NHK関係者によれば、影山副委員長が自殺の直前に書き残したとみられるものの中には、こんな文言が綴られていた。
「頭と心のタンクが空っぽになった」
都内寺院での葬儀に職員を大量動員
影山副委員長は早稲田大を卒業後、一九七六年にNHKへ入局した。福岡放送局を経て八二年から報道局の政治部記者として活躍し、首相官邸や自民党の清和会担当などを歴任。その後は平日早朝の看板番組「おはよう日本」の編集責任者なども務め、二〇〇〇年からは政治担当の解説委員として「日曜討論」の司会などを担当し、〇八年から解説委員室の副委員長に就いていた。
そんな影山副委員長の自殺理由は不明だが、あるNHK報道局記者は「影山さんは少し前から、非常に重い鬱病に苦しんでいたようです」と語り、各週刊誌の報道などでも「病気説」が最有力視されている。ただ、自殺の真相をめぐっては最近、当のNHK局内でこれとは全く異なる”真の理由”がもっともらしく流布されている、という。NHKの中堅幹部がこう打ち明ける。
「局の上層部は影山さんが病気を苦に自殺したという線で押し通したい意向のようで、都内の寺院で行なわれた葬儀も報道局や政治部が集合をかけ、社葬並みの職員を大量動員しました。しかし、病気を苦にした人間が職場内で、それも勤務時間の真っ最中に自殺を図るというのは少し不自然ではないでしょうか。そのせいもあり、局内では『別の理由』が自殺の真相なのではないかと指摘されているんです」
NHK局内で囁かれている解説副委員長自殺の「別の理由」とは何か。同じ中堅幹部が続ける。
「官房機密費問題です」
司会が自民党寄りだったとくすぶる批判
「国の事務または事業を円滑に遂行するため機動的に使用する経費」。表向きはそう説明されている官房機密費の正式名称は、「内閣官房報償費」である。本誌読者ならご存じかもしれないが、時の官房長官の判断で支出され、ここ数年の規模は年間約一四億円。使途に関する記録を残す必要はなく、会計検査院のチェックも及ばない。

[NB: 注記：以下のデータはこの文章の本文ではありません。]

(* (1) If $(X,a,\eta_a,\mu_a)$ is a $\mathcal V$-category, then $(TX,Ta,T\eta_a,T\mu_a\cdot\kappa_{a,a})$ is a $\mathcal V$-category. (2) If $(f,\varphi_f):(X,a,\eta_a,\mu_a)\to(Y,b,\eta_b,\mu_b)$ is a $\mathcal V$-functor, then $(Tf,\varphi_{Tf}):(TX,Ta)\to(TY,Tb)$ with $\varphi_{Tf}:=\kappa^{-1}_{b,f}\cdot T\varphi_f\cdot\kappa_{f,a}$ is a $\mathcal V$-functor. (3) If $\zeta:(f,\varphi_f)\to(g,\varphi_g)$ is a $\mathcal V$-natural transformation between $\mathcal V$-functors $(X,a)\to(Y,b)$, then $\kappa^{-1}_{b,f}\cdot T\zeta\cdot\kappa_{g,a}$ is a $\mathcal V$-natural transformation $(Tf,\varphi_{Tf})\to(Tg,\varphi_{Tg})$.
   Context: Setting. $\mathcal V$ is a complete, cocomplete symmetric monoidal closed category with tensor $\otimes$, unit $I$ and chosen initial object $\bot$; coherence isomorphisms are suppressed. $\mathcal V\text{-}\mathbf{Rel}$: objects sets; 1-cells $r:X\rightharpoonup Y$ families of $\mathcal V$-objects $r(x,y)$; 2-cells families of morphisms $r(x,y)\to r'(x,y)$, composed vertically ($\cdot$) componentwise; horizontal composition $(sr)(x,z)=\sum_yr(x,y)\otimes s(y,z)$ (on 2-cells via $\otimes,\sum$); juxtaposition denotes whiskering. A function $f$ is the $\mathcal V$-relation with $f(x,y)=I$ if $f(x)=y$, $\bot$ otherwise; transpose $r^\circ(y,x)=r(x,y)$; $f\dashv f^\circ$ with unit $\lambda_f$, counit $\rho_f$. $\mathbb T=(T,e,m)$ is a monad on Set with lax extension to $\mathcal V\text{-}\mathbf{Rel}$: a lax functor $T$ agreeing with the Set-functor on functions, strictly functorial on 2-cells, with natural comparisons $\kappa_{s,r}:TsTr\to T(sr)$, $\kappa_{t,sr}\cdot(Tt\kappa_{s,r})=\kappa_{ts,r}\cdot(\kappa_{t,s}Tr)$, $\kappa_{r,1}=\kappa_{1,r}=1$, and $T(f^\circ)=(Tf)^\circ$ for functions $f$ (hence $\kappa_{s,f}$ and $\kappa_{f^\circ,t}$ are invertible for functions $f$); plus 2-cells $\alpha_r:e_Yr\to Tre_X$, $\beta_r:m_YT^2r\to Trm_X$ (identities for functions) satisfying the compatibility conditions (mon) $(\beta_re_{TX})\cdot(m_Y\alpha_{Tr})=1_{Tr}$; $(\beta_rTe_X)\cdot(m_Y\kappa^{-1}_{Tr,e_X})\cdot(m_YT\alpha_r)\cdot(m_Y\kappa_{e_Y,r})=1_{Tr}$; $(\beta_rTm_X)\cdot(m_Y\kappa^{-1}_{Tr,m_X})\cdot(m_YT\beta_r)\cdot(m_Y\kappa_{m_Y,T^2r})=(\beta_rm_{TX})\cdot(m_Y\beta_{Tr})$; (coh) $\alpha_{sr}=(\kappa_{s,r}e_X)\cdot(Ts\alpha_r)\cdot(\alpha_sr)$, $\beta_{sr}\cdot(m_ZT\kappa_{s,r})\cdot(m_Z\kappa_{Ts,Tr})=(\kappa_{s,r}m_X)\cdot(Ts\beta_r)\cdot(\beta_sT^2r)$; (nat) $(T\varphi e_X)\cdot\alpha_r=\alpha_{r'}\cdot(e_Y\varphi)$, $(T\varphi m_X)\cdot\beta_r=\beta_{r'}\cdot(m_YT^2\varphi)$. $\mathcal V\text{-}\mathbf{Cat}$: a $\mathcal V$-category $(X,a,\eta_a,\mu_a)$ is a set $X$ with $a:X\rightharpoonup X$, $\eta_a:1_X\to a$, $\mu_a:aa\to a$ such that $\mu_a\cdot(\eta_aa)=1_a=\mu_a\cdot(a\eta_a)$ and $\mu_a\cdot(\mu_aa)=\mu_a\cdot(a\mu_a)$. A $\mathcal V$-functor $(f,\varphi_f):(X,a)\to(Y,b)$ is a function $f$ with $\varphi_f:fa\to bf$ such that $\varphi_f\cdot(f\eta_a)=\eta_bf$ and $\varphi_f\cdot(f\mu_a)=(\mu_bf)\cdot(b\varphi_f)\cdot(\varphi_fa)$. A $\mathcal V$-natural transformation $\zeta:(f,\varphi_f)\to(g,\varphi_g)$ is a 2-cell $\zeta:ga\to bf$ with $\zeta=(\mu_bf)\cdot(b\varphi_f)\cdot(\zeta a)\cdot(g\eta_aa)$ and $\zeta=(\mu_bf)\cdot(b\zeta)\cdot(bg\eta_a)\cdot\varphi_g$. (This is the 2-category of $(\mathbb T,\mathcal V)$-categories for the identity monad with trivial extension.) *)

From Stdlib Require Import ClassicalEpsilon.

本来は国内外での極秘の情報収集や、海外で日本人が巻き込まれた事件の水面下交渉などに使うのが主な目的と位置づけられているものの、自民党政権下では国会対策やメディア対策のために幅広くバラまかれてきたのは周知の事実となりつつある。
特に小渕恵三政権下の一九九八年七月から翌九九年一〇月まで官房副長官を務めた野中広務氏が最近、幾人かの政治評論家に一〇〇万円単位の機密費を配っていたと暴露し、大きな波紋を呼び起こした。この問題は本誌五月一四日号の本欄でも詳述しているが、野中氏は具体的な政治評論家の名を明かさなかったものの、過去には著名評論家の実名を列挙した官邸秘密文書が流出したこともあり、新聞やテレビといった大手メディアの政治記者も官房機密費の”恩恵”を被っていたのではないか、という疑惑が拡散している。
そして、この官房機密費を影山解説副委員長も受け取っていたのではないか、という噂がNHK内部で駆け巡っているのだという。前出のNHK中堅幹部が言う。
「政権交代を間近に控えていた二年ほど前から影山さんが官房機密費を受け取っていたのではないか、と言われているんです。与野党の有力政治家を招く『日曜討論』での影山さんの司会ぶりは、どう考えても自民党側に偏っていたし、政権交代直前の『日曜討論』は酷かったという声は当時から局内に燻っている。ところが民主党政権が発足し、この事実が週刊誌などで報じられるような事態になれば深刻な打撃を受けると恐れをなしたNHK経営陣が、健康問題を理由として影山さんに退職を迫っていた、と噂されています」
別のNHK報道局記者もこう打ち明ける。
「もちろん事実は定かではありませんが、影山さんは受け取った機密費で私腹を肥やしていたわけではなく、局上層部に”上納”していた、とも囁かれています。しかし、記者一本で生きてきた影山さんにとって、NHKを追われるのは死に等しい。だから、思い悩んだ末に”最後の抵抗”として局内で自殺を図ったのではないか、という噂がもっともらしく流れているんです」
機密費問題の闇に斬り込むのがメディアの責務
断っておくが、これはあくまでも噂に過ぎず、影山副委員長がNHK局内で自殺を図った真の理由は現時点で謎というしかない。ただ、こうした噂が流布されること自体――それも、当のNHK内部でもっともらしく流布されていること自体に、「公共放送」と位置づけられるNHKと日本の大メディアをめぐる深刻な病が潜んでいるように思える。
前記した通り、野中広務氏の爆弾証言をきっかけとし、大手メディアの政治部記者たちも「背広代」などの名目で機密費の”恩恵”に浴していたのではないか、との疑惑が一部週刊誌などで伝えられている。また、新党大地の鈴木宗男代表は一部メディアに対し、一九九八年の沖縄県知事選挙に際して与党候補者を当選させるため三億円もの機密費が投入された、とも打ち明けている。
政権与党が自らに有利な選挙結果を導き出す”実弾”として機密費を使っていたとするならば、信じ難いスキャンダルにほかならないが、新聞やテレビといった大手メディアは機密費の実態解明に乗り出す気配はない。また、メディア記者がどのような形であっても政権の秘密資金である官房機密費などを受け取っていたとするならば、ジャーナリズム組織としての信頼を根本から揺るがす深刻な事態に発展する。
だとするならば、メディアは自ら積極的に機密費問題の闇へと切り込んでいくべきではないか。そして、万が一にも一部記者が機密費を受け取っていたとするならば、徹底した事実関係の公表と断固とした対応を取らねばならない。逆に機密費など受け取っていないとするなら、濡れ衣を晴らすためにも徹底調査が必要だろう。
詰まるところ、影山副委員長の自殺理由をめぐって、NHK局内で「機密費授受」をめぐる噂が拡散してしまうのは、当のNHKをはじめとするメディアがそうした作業を怠っていることの証左ともいえるように思えてしまうのだ。